Prostate Cancer that is resistant to hormonal therapy is now thought to remain sensitive to hormonal manipulations that affect endocrine organs besides the testis. Multiple studies by Geller, Mohler and others have shown that androgens within “androgen resistant” prostate cancer remain well within the range capable of activating the androgen receptor.
There is a strong bias among the community that “castration resistant” prostate cancer (CRPC) utilizes adrenal androgens that it converts into testosterone and dihydrotestosterone (DHT) to drive tumor growth.
The efficacy of ketoconazole and estrogens such as diethylstilbestrol in some patients with CRPC has been ascribed to suppression of adrenal androgen production.
However there has been evidence that prostate cancer is also capable of synthesizing androgens de novo from cholesterol, and determining which pathway should be the primary target in human disease remains unclear.
This study used murine models, in which there are no adrenal androgens available for conversion by the tumor, and assessed whether estrogens inhibit tumoral androgen levels. If so, then the design of future therapies must consider the contribution which de novo steroidogenesis plays in tumor progression.

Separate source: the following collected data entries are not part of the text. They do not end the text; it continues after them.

(* Let $n,r\geq1$, $\epsilon>0$, and let $t\mapsto(x_1(t),\ldots,x_r(t))$ be a continuous map $[0,\epsilon)\to(\mathbb R^n)^r$. For $I\subseteq\{1,\ldots,r\}$ and $t\in[0,\epsilon)$, let $F_I(t)$ be the convex hull of $\{x_i(t): i\in I\}$, and $P(t)=F_{\{1,\ldots,r\}}(t)$. Assume that for every $t\in(0,\epsilon)$ the points $x_i(t)$ are pairwise distinct vertices of $P(t)$, and that whenever $F_I(t)$ is a face of $P(t)$ of dimension $k$ for some $t\in(0,\epsilon)$, then $F_I(t)$ is a face of $P(t)$ of dimension $k$ for all $t\in(0,\epsilon)$. Let $I$ be such that $F(t):=F_I(t)$ is a face of $P(t)$ for all $t\in(0,\epsilon)$. Then every proper face of $F(0)$ is contained in the union of the sets $F_K(0)$, over all $K$ such that $F_K(t)$ is a proper face of $F(t)$ for $t\in(0,\epsilon)$. *)

From HB Require Import structures.
From mathcomp Require Import all_boot all_order all_algebra.
From mathcomp Require Import all_classical all_reals all_analysis.
Set Implicit Arguments. Unset Strict Implicit. Unset Printing Implicit Defensive.
Import Order.TTheory GRing.Theory Num.Theory.
Import numFieldNormedType.Exports.
Local Open Scope classical_set_scope.
Local Open Scope ring_scope.

Definition dotv (R : realType) (n : nat) (a x : 'rV[R]_n) : R :=
  \sum_(j < n) a ord0 j * x ord0 j.

(* convex hull of the points { row i M | i in I } (rows of M = points of R^n) *)
Definition convI (R : realType) (r n : nat) (I : {set 'I_r}) (M : 'M[R]_(r, n))
  : set 'rV[R]_n :=
  [set y | exists w : 'I_r -> R,
      [/\ forall i, 0 <= w i,
          forall i, i \notin I -> w i = 0,
          \sum_(i < r) w i = 1
        & y = \sum_(i < r) w i *: row i M]].

(* F is a face of the convex set P: F = P ∩ H for a hyperplane
   H = {x | <a,x> = b} with P ⊆ {x | <a,x> <= b}.  (a = 0 allowed, so P and
   the empty set are faces.) *)
Definition is_face (R : realType) (n : nat) (F P : set 'rV[R]_n) : Prop :=
  exists (a : 'rV[R]_n) (b : R),
    (forall x, P x -> dotv a x <= b) /\
    F = P `&` [set x | dotv a x = b].

Definition is_proper_face (R : realType) (n : nat) (F P : set 'rV[R]_n) : Prop :=
  is_face F P /\ F <> P.

Definition is_vertex (R : realType) (n : nat) (v : 'rV[R]_n) (P : set 'rV[R]_n) : Prop :=
  is_face [set v] P.

Definition aff_indep (R : realType) (n k : nat) (p : 'I_k.+1 -> 'rV[R]_n) : bool :=
  row_free (\matrix_(i < k) (p (lift ord0 i) - p ord0)).

Definition has_dim (R : realType) (n : nat) (S : set 'rV[R]_n) (k : nat) : Prop :=
  (exists p : 'I_k.+1 -> 'rV[R]_n, (forall i, S (p i)) /\ aff_indep p) /\
  ~ (exists p : 'I_k.+2 -> 'rV[R]_n, (forall i, S (p i)) /\ aff_indep p).

From HB Require Import structures.
From mathcomp Require Import all_boot all_order all_algebra.
From mathcomp Require Import all_classical all_reals all_analysis.
From mathcomp Require Import ring lra.
Import Order.TTheory GRing.Theory Num.Theory.
Import numFieldNormedType.Exports.
Local Open Scope classical_set_scope.
Local Open Scope ring_scope.
Set Implicit Arguments. Unset Strict Implicit. Unset Printing Implicit Defensive.

(* Write the proper face G of F(0) as F(0) ∩ {a.w = b}, take y in G and v in F(0)
   with a.v < b. For small t, move y and v to nearby points y', v' of F(t) and push
   y' a little beyond F(t), away from v': the point z = y' + th (y' - v') leaves F(t)
   because a.z > b, yet stays close to y. The Euclidean projection p of z onto F(t)
   lies on the face of F(t) cut out by the hyperplane through p orthogonal to z - p;
   that face is F_K(t) for a proper subset K of I, it is a face of P(t), so by the
   stability hypothesis it is a proper face of F(s) for every s, and F_K(0) passes
   close to y. Hence y lies in the closure of the finite union of the compact sets
   F_K(0), i.e. in the union itself. *)

Section InnerProduct.
Variables (R : realType) (n : nat).
Implicit Types (a b u v : 'rV[R]_n).

Lemma dotvDl a b u : dotv (a + b) u = dotv a u + dotv b u.
Proof. by rewrite /dotv -big_split; apply: eq_bigr => j _; rewrite mxE mulrDl. Qed.

Lemma dotvZl k a u : dotv (k *: a) u = k * dotv a u.
Proof. by rewrite /dotv mulr_sumr; apply: eq_bigr => j _; rewrite mxE mulrA. Qed.

Lemma dotvDr a u v : dotv a (u + v) = dotv a u + dotv a v.
Proof. by rewrite /dotv -big_split; apply: eq_bigr => j _; rewrite mxE mulrDr. Qed.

Our study showed that, indeed, estradiol inhibits tumor androgen levels in prostate cancers grown in castrate male mice. The data implicates de novo steroidogenesis as the primary driver of tissue androgen synthesis in this model.
The study highlights the fact that it is very difficult to achieve truly low tissue androgen levels, even with effective secondary manipulations. Lowering tissue androgens did not reverse, but only slowed tumor growth, supporting the idea that in this model there are other determinants of progression beyond androgens.
Overall the study suggests that effective agents should target both adrenal and de novo steroidogenesis in order to achieve optimal tissue androgen suppression.
Ongoing studies which examine tissue androgens in men treated with abiraterone and other CYP17 inhibitors will provide critical information about the true mechanism of action of these agents.
If these and the new generation of androgen receptor antagonists provide a greater margin of therapeutic benefit, it will spawn a new series of critical randomized studies to improve the treatment of men with this disease.